▶ [YOUR ASSIGNMENT]: Search the material for the string "distrC", then return every line where it is found.

▶ [INPUT]:
-.-.-

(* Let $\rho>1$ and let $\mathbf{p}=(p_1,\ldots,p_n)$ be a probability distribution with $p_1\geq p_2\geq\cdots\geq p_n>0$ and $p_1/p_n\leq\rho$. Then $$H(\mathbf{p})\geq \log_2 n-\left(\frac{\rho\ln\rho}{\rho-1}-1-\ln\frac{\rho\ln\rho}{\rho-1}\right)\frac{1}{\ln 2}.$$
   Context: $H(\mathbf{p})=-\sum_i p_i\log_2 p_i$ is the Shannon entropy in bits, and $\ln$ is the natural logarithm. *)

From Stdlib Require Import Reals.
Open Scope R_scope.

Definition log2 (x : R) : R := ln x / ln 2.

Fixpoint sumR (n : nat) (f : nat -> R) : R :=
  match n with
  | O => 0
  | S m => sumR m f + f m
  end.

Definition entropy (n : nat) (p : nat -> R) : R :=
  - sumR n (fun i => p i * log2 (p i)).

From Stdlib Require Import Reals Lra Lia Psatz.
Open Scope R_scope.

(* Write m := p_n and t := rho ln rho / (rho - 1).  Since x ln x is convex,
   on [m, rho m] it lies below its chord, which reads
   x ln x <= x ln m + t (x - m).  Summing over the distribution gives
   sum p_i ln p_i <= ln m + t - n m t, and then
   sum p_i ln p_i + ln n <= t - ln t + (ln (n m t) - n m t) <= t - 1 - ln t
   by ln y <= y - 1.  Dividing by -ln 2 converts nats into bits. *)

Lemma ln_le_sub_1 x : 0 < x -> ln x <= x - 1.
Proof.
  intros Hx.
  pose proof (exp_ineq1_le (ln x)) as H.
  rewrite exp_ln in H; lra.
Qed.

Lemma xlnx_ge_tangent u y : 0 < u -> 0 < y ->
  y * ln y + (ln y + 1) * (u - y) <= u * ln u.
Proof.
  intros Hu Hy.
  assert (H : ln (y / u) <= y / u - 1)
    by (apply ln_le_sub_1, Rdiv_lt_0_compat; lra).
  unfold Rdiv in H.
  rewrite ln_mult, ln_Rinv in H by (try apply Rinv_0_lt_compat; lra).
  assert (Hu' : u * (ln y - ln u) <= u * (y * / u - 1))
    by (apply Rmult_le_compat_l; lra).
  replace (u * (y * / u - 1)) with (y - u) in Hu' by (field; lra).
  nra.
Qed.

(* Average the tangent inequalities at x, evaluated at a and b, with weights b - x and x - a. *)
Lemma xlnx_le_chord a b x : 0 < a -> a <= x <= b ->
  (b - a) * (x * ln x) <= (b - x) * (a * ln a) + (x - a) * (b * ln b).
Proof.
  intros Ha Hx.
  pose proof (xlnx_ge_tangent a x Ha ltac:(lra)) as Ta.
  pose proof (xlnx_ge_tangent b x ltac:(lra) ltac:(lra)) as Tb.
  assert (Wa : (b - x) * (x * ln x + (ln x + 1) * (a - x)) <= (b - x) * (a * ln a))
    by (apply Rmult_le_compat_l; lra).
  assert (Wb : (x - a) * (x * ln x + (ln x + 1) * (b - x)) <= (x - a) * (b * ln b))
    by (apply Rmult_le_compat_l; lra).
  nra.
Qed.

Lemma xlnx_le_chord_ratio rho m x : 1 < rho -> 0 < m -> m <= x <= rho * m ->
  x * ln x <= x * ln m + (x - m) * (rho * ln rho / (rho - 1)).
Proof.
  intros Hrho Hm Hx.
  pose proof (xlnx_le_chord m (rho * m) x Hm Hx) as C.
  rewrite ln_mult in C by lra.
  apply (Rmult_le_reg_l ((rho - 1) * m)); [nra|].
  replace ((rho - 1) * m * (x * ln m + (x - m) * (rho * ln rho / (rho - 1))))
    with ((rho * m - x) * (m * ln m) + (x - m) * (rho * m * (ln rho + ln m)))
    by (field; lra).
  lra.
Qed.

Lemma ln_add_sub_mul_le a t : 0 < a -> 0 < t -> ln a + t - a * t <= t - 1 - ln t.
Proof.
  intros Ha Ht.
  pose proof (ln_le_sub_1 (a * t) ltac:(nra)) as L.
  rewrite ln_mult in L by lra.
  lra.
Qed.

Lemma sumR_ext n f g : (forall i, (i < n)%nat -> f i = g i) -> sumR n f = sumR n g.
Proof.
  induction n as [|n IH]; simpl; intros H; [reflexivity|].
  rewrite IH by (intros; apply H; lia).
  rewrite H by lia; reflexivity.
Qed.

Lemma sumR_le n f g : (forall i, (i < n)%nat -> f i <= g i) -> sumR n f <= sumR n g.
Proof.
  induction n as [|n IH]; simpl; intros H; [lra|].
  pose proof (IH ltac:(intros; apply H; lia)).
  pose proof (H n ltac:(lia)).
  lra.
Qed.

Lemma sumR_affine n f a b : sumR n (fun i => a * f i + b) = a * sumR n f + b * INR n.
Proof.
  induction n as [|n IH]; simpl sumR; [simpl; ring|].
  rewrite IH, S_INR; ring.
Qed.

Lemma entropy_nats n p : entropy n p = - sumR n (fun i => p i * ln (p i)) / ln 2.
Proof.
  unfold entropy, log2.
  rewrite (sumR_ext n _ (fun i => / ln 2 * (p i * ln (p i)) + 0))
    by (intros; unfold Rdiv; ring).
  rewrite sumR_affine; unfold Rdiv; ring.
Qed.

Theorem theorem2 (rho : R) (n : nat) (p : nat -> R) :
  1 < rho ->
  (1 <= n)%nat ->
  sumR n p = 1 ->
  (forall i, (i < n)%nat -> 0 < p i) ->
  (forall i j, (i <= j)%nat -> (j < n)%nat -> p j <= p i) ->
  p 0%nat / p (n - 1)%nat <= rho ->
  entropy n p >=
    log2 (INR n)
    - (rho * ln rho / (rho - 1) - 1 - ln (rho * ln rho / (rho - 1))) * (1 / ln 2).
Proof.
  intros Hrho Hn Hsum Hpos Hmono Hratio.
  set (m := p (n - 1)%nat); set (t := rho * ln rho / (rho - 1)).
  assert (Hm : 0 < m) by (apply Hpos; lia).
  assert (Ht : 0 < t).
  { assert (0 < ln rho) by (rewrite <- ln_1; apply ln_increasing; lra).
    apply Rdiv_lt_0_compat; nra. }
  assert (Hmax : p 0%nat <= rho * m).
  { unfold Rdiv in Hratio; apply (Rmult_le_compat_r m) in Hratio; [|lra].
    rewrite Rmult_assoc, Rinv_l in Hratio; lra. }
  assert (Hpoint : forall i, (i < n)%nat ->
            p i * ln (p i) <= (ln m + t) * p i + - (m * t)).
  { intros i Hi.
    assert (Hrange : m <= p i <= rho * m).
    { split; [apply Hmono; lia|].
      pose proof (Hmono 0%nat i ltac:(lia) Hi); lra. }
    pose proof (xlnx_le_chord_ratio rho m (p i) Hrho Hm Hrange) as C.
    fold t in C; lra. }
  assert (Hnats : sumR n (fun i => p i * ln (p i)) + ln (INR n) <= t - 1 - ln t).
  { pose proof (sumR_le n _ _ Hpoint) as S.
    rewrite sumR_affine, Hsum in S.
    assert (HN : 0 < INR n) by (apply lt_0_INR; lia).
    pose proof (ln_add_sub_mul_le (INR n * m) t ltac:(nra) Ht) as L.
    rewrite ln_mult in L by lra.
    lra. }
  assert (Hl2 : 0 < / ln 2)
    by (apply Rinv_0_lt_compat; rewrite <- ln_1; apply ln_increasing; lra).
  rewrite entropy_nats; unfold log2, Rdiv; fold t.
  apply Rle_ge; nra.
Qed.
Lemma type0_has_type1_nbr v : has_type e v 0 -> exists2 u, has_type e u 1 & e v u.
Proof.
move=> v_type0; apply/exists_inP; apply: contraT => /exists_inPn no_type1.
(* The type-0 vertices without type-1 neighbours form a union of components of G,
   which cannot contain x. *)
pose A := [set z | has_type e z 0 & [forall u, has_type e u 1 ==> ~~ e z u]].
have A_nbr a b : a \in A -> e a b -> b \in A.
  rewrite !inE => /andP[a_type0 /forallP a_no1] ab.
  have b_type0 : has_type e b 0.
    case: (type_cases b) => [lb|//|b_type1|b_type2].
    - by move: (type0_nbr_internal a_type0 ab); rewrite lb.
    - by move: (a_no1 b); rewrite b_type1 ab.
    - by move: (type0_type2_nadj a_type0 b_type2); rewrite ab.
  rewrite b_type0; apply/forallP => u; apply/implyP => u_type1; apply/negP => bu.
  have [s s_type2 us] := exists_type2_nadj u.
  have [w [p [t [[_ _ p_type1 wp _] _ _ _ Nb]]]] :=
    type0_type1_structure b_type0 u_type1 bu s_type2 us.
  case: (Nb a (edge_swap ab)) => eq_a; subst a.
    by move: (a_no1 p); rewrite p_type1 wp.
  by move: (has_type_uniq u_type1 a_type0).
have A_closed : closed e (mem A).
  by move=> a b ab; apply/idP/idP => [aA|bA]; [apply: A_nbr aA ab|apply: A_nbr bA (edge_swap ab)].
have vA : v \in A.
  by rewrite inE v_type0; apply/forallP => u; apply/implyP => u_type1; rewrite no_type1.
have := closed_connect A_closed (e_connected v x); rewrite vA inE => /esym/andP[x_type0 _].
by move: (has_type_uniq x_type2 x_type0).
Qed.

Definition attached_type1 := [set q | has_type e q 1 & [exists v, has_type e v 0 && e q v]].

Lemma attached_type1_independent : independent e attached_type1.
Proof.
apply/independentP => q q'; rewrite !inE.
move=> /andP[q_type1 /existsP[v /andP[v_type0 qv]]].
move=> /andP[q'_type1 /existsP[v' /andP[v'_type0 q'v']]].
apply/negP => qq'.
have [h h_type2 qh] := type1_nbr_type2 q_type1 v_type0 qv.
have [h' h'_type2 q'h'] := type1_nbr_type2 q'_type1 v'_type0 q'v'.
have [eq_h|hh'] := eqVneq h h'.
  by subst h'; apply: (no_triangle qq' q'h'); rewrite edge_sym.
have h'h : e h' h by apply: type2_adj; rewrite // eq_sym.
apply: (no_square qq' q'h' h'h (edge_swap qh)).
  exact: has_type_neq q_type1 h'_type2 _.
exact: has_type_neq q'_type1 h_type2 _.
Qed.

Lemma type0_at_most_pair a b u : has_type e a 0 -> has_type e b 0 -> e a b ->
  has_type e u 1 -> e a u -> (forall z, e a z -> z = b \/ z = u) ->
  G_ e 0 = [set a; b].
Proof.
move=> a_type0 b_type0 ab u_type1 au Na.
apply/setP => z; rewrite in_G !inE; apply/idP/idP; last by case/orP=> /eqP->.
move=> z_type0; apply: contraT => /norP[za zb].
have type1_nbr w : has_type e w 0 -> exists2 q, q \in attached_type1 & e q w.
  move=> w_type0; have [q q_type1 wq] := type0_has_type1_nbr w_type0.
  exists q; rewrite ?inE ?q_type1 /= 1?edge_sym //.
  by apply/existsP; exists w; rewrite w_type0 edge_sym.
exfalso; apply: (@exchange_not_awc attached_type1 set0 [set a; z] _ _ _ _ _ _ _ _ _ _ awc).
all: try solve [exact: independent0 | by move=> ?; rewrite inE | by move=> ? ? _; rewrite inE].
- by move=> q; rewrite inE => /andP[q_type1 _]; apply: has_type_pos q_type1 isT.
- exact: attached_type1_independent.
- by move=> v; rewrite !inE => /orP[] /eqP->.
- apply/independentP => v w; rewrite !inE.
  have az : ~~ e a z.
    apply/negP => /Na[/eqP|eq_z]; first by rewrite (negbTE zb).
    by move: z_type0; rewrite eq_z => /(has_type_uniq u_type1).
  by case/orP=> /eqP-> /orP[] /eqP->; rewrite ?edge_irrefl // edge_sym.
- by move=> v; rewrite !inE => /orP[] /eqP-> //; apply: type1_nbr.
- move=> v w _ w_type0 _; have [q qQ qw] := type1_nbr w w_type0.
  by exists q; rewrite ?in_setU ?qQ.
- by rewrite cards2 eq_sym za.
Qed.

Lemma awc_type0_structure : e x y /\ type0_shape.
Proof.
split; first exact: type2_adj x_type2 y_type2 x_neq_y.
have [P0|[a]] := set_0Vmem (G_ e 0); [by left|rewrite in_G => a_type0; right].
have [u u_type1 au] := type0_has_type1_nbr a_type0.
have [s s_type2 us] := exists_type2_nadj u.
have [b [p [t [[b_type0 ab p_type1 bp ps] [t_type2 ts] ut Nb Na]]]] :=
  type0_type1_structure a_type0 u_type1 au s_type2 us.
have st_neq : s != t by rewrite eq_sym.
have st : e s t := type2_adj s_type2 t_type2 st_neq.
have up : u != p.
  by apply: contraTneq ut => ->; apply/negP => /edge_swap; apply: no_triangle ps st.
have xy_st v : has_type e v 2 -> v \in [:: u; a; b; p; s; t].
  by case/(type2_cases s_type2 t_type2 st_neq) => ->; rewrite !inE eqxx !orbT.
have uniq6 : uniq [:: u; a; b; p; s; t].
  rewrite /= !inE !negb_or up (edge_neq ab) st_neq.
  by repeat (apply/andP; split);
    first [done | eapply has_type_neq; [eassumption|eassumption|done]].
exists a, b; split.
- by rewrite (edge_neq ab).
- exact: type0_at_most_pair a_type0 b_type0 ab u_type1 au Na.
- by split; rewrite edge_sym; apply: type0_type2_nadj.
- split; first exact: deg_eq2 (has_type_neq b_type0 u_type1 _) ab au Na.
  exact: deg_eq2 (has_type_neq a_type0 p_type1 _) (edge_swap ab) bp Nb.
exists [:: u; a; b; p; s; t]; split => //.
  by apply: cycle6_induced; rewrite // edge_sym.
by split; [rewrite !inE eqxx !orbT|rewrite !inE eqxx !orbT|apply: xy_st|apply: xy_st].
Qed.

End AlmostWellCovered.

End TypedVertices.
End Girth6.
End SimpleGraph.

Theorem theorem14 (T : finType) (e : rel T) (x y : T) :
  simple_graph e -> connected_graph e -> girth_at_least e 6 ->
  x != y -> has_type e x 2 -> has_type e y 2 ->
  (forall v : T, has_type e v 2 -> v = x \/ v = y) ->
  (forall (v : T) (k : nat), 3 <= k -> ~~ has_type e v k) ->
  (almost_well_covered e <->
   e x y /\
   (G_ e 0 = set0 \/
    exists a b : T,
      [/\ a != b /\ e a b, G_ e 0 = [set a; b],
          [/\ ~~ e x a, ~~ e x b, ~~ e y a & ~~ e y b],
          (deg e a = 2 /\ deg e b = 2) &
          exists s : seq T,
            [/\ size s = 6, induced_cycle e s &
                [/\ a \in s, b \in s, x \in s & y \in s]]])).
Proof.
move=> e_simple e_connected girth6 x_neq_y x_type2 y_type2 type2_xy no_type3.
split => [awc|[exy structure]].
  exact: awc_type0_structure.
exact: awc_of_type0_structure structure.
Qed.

-.-.-

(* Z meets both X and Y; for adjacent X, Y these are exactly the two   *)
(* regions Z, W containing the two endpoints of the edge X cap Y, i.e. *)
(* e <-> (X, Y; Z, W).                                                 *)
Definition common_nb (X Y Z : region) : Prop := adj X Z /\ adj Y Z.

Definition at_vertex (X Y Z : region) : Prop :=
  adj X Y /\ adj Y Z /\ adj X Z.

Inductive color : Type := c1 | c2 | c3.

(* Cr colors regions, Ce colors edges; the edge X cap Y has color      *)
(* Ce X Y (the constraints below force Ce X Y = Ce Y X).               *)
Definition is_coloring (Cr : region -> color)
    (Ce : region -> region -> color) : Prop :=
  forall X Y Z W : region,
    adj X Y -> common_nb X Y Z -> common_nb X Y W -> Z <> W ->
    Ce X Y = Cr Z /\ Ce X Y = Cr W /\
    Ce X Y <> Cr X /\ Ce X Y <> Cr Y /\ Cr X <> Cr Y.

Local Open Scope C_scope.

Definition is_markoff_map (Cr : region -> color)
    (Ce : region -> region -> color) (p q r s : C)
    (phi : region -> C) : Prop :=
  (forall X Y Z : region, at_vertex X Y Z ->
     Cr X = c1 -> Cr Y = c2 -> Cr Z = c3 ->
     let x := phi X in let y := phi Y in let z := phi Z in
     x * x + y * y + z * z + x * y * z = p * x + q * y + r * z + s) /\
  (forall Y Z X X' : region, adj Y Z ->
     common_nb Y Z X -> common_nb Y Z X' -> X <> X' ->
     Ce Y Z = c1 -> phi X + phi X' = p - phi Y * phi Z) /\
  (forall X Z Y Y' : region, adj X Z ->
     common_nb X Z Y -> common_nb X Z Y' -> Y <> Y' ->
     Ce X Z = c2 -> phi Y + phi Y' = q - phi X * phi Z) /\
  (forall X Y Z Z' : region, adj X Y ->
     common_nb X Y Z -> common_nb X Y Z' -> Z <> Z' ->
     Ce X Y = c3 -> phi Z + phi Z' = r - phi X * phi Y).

-.-.-

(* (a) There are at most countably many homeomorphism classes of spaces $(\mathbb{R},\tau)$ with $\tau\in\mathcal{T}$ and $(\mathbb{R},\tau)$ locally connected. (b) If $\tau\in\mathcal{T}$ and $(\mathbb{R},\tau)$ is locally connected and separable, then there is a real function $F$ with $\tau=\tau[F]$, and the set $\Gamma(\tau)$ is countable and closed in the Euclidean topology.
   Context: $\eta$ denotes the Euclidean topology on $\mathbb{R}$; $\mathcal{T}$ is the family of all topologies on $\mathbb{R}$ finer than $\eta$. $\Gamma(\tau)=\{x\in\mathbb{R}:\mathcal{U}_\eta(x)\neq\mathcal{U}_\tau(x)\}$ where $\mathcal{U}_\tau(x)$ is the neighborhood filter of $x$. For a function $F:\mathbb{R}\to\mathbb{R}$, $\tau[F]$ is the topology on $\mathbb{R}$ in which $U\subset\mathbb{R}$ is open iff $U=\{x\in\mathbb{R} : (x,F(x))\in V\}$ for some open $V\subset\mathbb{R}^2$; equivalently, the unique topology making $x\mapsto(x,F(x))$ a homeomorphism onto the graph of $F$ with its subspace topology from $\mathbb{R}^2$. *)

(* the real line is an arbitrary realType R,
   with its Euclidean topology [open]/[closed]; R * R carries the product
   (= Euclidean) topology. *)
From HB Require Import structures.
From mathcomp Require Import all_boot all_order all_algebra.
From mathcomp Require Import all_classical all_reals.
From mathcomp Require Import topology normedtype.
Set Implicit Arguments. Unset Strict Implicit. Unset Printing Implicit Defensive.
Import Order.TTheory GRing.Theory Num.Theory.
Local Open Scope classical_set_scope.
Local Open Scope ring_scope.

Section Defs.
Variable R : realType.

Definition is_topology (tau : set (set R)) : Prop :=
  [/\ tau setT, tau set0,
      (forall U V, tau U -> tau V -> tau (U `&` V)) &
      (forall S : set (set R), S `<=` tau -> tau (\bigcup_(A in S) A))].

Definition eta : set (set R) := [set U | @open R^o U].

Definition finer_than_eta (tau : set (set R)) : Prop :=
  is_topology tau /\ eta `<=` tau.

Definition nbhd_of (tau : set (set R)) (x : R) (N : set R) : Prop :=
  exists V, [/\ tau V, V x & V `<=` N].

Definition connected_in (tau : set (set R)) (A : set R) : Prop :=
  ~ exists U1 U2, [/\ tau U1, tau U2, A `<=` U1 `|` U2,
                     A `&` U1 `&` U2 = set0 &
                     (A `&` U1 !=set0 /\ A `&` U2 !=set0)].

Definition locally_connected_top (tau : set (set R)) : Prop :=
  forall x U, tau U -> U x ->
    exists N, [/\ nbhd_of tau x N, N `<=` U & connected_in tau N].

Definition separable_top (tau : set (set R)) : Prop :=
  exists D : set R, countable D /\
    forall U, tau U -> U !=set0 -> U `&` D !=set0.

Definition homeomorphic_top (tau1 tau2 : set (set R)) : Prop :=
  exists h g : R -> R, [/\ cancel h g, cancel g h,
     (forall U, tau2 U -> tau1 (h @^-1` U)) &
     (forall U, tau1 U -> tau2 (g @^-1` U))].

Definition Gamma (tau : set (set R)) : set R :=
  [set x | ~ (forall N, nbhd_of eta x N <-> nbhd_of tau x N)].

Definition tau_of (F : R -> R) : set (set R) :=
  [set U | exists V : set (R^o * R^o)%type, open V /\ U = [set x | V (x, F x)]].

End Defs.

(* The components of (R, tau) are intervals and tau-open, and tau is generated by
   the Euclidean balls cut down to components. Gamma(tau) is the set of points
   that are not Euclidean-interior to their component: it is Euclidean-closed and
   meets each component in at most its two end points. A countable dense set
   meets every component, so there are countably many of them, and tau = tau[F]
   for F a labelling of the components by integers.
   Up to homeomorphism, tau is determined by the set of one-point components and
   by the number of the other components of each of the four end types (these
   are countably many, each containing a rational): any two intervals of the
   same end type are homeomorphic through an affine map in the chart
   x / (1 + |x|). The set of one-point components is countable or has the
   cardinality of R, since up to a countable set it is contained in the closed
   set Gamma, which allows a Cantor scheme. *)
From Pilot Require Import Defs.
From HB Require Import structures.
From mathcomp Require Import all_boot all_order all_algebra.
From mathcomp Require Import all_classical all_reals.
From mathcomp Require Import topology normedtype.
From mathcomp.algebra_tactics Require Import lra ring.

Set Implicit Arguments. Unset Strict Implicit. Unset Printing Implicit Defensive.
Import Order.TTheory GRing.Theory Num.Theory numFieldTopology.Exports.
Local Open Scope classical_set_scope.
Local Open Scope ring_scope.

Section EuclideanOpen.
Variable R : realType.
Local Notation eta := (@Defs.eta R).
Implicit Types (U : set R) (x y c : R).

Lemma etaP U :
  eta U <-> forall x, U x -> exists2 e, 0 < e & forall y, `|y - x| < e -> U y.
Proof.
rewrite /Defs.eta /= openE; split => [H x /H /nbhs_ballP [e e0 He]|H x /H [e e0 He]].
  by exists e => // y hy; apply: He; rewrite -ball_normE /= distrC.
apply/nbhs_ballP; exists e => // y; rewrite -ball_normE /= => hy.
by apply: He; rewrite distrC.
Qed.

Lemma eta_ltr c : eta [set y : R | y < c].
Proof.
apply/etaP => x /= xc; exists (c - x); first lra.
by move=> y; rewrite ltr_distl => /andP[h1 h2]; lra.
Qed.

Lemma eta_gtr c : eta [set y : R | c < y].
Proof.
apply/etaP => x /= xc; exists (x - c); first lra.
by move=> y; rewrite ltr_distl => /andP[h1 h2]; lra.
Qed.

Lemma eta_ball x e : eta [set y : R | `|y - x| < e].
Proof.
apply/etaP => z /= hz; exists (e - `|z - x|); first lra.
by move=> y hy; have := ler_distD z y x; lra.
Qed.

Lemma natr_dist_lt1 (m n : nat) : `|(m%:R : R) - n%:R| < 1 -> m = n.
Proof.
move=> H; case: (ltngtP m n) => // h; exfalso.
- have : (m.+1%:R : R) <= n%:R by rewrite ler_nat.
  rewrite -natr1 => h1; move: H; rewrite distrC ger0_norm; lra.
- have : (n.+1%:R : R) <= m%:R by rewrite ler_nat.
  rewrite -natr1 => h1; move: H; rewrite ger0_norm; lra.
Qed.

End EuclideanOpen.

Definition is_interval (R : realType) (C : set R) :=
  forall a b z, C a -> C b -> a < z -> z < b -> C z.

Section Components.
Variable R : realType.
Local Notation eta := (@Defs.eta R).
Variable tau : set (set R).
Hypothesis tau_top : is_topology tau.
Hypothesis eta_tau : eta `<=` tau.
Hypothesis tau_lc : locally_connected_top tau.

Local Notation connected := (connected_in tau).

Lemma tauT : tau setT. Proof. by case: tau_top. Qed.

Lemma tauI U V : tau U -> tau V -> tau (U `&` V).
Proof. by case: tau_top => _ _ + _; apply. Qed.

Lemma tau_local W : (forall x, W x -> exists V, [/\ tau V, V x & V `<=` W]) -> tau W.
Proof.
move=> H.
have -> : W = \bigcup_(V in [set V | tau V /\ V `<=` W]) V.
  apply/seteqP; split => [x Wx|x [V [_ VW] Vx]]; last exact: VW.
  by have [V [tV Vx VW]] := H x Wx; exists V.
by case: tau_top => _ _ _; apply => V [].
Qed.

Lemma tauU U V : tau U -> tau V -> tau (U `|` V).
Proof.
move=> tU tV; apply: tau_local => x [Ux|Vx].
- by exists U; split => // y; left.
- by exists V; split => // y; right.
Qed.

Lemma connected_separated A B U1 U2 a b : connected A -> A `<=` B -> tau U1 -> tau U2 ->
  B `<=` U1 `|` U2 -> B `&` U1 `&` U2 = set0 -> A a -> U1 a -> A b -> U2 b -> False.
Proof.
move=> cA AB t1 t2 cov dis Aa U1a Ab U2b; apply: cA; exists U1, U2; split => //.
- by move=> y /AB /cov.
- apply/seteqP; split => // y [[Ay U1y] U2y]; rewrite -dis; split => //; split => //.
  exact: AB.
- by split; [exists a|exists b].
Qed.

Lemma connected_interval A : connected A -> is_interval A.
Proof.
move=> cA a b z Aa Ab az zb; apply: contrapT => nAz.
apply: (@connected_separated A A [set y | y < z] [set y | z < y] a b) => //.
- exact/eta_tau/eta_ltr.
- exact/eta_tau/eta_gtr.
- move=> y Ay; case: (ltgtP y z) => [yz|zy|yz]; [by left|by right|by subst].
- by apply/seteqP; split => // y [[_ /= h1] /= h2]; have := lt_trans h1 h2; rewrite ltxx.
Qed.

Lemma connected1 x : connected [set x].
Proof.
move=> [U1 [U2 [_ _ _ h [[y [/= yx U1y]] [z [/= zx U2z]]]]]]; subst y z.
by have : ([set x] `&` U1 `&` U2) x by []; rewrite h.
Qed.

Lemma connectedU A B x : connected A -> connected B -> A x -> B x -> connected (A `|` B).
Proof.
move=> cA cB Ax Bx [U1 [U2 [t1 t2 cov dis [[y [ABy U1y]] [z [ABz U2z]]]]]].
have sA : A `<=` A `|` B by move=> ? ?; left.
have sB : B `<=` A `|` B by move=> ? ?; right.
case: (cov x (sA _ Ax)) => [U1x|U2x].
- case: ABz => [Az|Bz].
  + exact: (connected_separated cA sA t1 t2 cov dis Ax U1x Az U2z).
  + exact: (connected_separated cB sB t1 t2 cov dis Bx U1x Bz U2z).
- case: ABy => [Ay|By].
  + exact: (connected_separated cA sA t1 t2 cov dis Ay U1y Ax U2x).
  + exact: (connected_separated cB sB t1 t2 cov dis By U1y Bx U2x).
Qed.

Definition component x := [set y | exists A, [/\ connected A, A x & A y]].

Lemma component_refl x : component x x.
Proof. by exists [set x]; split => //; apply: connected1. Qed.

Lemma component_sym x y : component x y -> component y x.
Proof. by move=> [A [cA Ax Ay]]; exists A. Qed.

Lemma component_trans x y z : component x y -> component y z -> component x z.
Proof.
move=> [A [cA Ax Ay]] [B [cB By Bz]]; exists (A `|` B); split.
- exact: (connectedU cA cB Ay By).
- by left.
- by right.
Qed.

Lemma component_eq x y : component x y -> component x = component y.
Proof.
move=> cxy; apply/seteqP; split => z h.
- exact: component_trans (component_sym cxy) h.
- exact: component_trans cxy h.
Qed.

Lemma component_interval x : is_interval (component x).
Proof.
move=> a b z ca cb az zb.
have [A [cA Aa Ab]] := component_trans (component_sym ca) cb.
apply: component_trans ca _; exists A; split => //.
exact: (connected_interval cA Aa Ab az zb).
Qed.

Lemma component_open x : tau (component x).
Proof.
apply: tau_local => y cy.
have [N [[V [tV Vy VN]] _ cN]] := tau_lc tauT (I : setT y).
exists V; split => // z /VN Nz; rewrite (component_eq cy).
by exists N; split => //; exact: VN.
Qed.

-.-.-

▶ [PROBLEM SOLUTION]:
  by exists e => // y hy; apply: He; rewrite -ball_normE /= distrC.
by apply: He; rewrite distrC.
  rewrite -natr1 => h1; move: H; rewrite distrC ger0_norm; lra.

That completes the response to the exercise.